GIVEN DATA >>
*** Block opens ***

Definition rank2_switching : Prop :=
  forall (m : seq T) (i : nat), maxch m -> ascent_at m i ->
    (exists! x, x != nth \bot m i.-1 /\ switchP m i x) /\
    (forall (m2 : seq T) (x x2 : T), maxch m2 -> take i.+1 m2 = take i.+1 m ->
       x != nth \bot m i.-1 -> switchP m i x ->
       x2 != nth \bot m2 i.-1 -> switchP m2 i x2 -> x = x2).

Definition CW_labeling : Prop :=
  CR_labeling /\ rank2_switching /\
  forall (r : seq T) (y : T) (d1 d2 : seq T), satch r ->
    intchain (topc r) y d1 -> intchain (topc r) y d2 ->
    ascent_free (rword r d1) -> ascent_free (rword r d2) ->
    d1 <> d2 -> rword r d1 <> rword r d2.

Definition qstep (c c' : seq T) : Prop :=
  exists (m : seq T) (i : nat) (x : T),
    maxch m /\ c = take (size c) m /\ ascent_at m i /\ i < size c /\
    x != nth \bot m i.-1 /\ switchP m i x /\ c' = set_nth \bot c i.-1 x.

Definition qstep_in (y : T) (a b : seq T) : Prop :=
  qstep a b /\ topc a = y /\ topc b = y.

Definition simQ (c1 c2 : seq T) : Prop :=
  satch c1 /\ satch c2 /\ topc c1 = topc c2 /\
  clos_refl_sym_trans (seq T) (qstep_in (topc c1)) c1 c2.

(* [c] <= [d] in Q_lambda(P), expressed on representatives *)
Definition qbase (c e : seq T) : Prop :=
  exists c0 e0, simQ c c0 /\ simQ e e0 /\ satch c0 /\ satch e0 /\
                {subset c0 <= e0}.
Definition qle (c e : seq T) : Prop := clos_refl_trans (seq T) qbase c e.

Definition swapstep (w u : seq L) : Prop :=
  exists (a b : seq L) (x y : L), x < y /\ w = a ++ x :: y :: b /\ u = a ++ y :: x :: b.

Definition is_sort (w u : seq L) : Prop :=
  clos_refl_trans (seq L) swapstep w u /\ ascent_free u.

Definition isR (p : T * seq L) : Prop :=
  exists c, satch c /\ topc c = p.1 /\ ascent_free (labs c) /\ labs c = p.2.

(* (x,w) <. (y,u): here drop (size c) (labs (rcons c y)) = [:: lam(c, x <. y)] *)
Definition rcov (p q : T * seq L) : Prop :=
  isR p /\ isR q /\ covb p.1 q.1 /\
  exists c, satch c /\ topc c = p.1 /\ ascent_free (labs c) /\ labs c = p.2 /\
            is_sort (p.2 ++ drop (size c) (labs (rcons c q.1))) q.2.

*** Block closes ***

PROBLEM TO SOLVE >> Each of the records is to be written out again without alteration.

EXPECTED ANSWER >>
Definition rank2_switching : Prop :=
  forall (m : seq T) (i : nat), maxch m -> ascent_at m i ->
    (exists! x, x != nth \bot m i.-1 /\ switchP m i x) /\
    (forall (m2 : seq T) (x x2 : T), maxch m2 -> take i.+1 m2 = take i.+1 m ->
       x != nth \bot m i.-1 -> switchP m i x ->
       x2 != nth \bot m2 i.-1 -> switchP m2 i x2 -> x = x2).

Definition CW_labeling : Prop :=
  CR_labeling /\ rank2_switching /\
  forall (r : seq T) (y : T) (d1 d2 : seq T), satch r ->
    intchain (topc r) y d1 -> intchain (topc r) y d2 ->
    ascent_free (rword r d1) -> ascent_free (rword r d2) ->
    d1 <> d2 -> rword r d1 <> rword r d2.

Definition qstep (c c' : seq T) : Prop :=
  exists (m : seq T) (i : nat) (x : T),
    maxch m /\ c = take (size c) m /\ ascent_at m i /\ i < size c /\
    x != nth \bot m i.-1 /\ switchP m i x /\ c' = set_nth \bot c i.-1 x.

Definition qstep_in (y : T) (a b : seq T) : Prop :=
  qstep a b /\ topc a = y /\ topc b = y.

Definition simQ (c1 c2 : seq T) : Prop :=
  satch c1 /\ satch c2 /\ topc c1 = topc c2 /\
  clos_refl_sym_trans (seq T) (qstep_in (topc c1)) c1 c2.

(* [c] <= [d] in Q_lambda(P), expressed on representatives *)
Definition qbase (c e : seq T) : Prop :=
  exists c0 e0, simQ c c0 /\ simQ e e0 /\ satch c0 /\ satch e0 /\
                {subset c0 <= e0}.
Definition qle (c e : seq T) : Prop := clos_refl_trans (seq T) qbase c e.

Definition swapstep (w u : seq L) : Prop :=
  exists (a b : seq L) (x y : L), x < y /\ w = a ++ x :: y :: b /\ u = a ++ y :: x :: b.

Definition is_sort (w u : seq L) : Prop :=
  clos_refl_trans (seq L) swapstep w u /\ ascent_free u.

Definition isR (p : T * seq L) : Prop :=
  exists c, satch c /\ topc c = p.1 /\ ascent_free (labs c) /\ labs c = p.2.

(* (x,w) <. (y,u): here drop (size c) (labs (rcons c y)) = [:: lam(c, x <. y)] *)
Definition rcov (p q : T * seq L) : Prop :=
  isR p /\ isR q /\ covb p.1 q.1 /\
  exists c, satch c /\ topc c = p.1 /\ ascent_free (labs c) /\ labs c = p.2 /\
            is_sort (p.2 ++ drop (size c) (labs (rcons c q.1))) q.2.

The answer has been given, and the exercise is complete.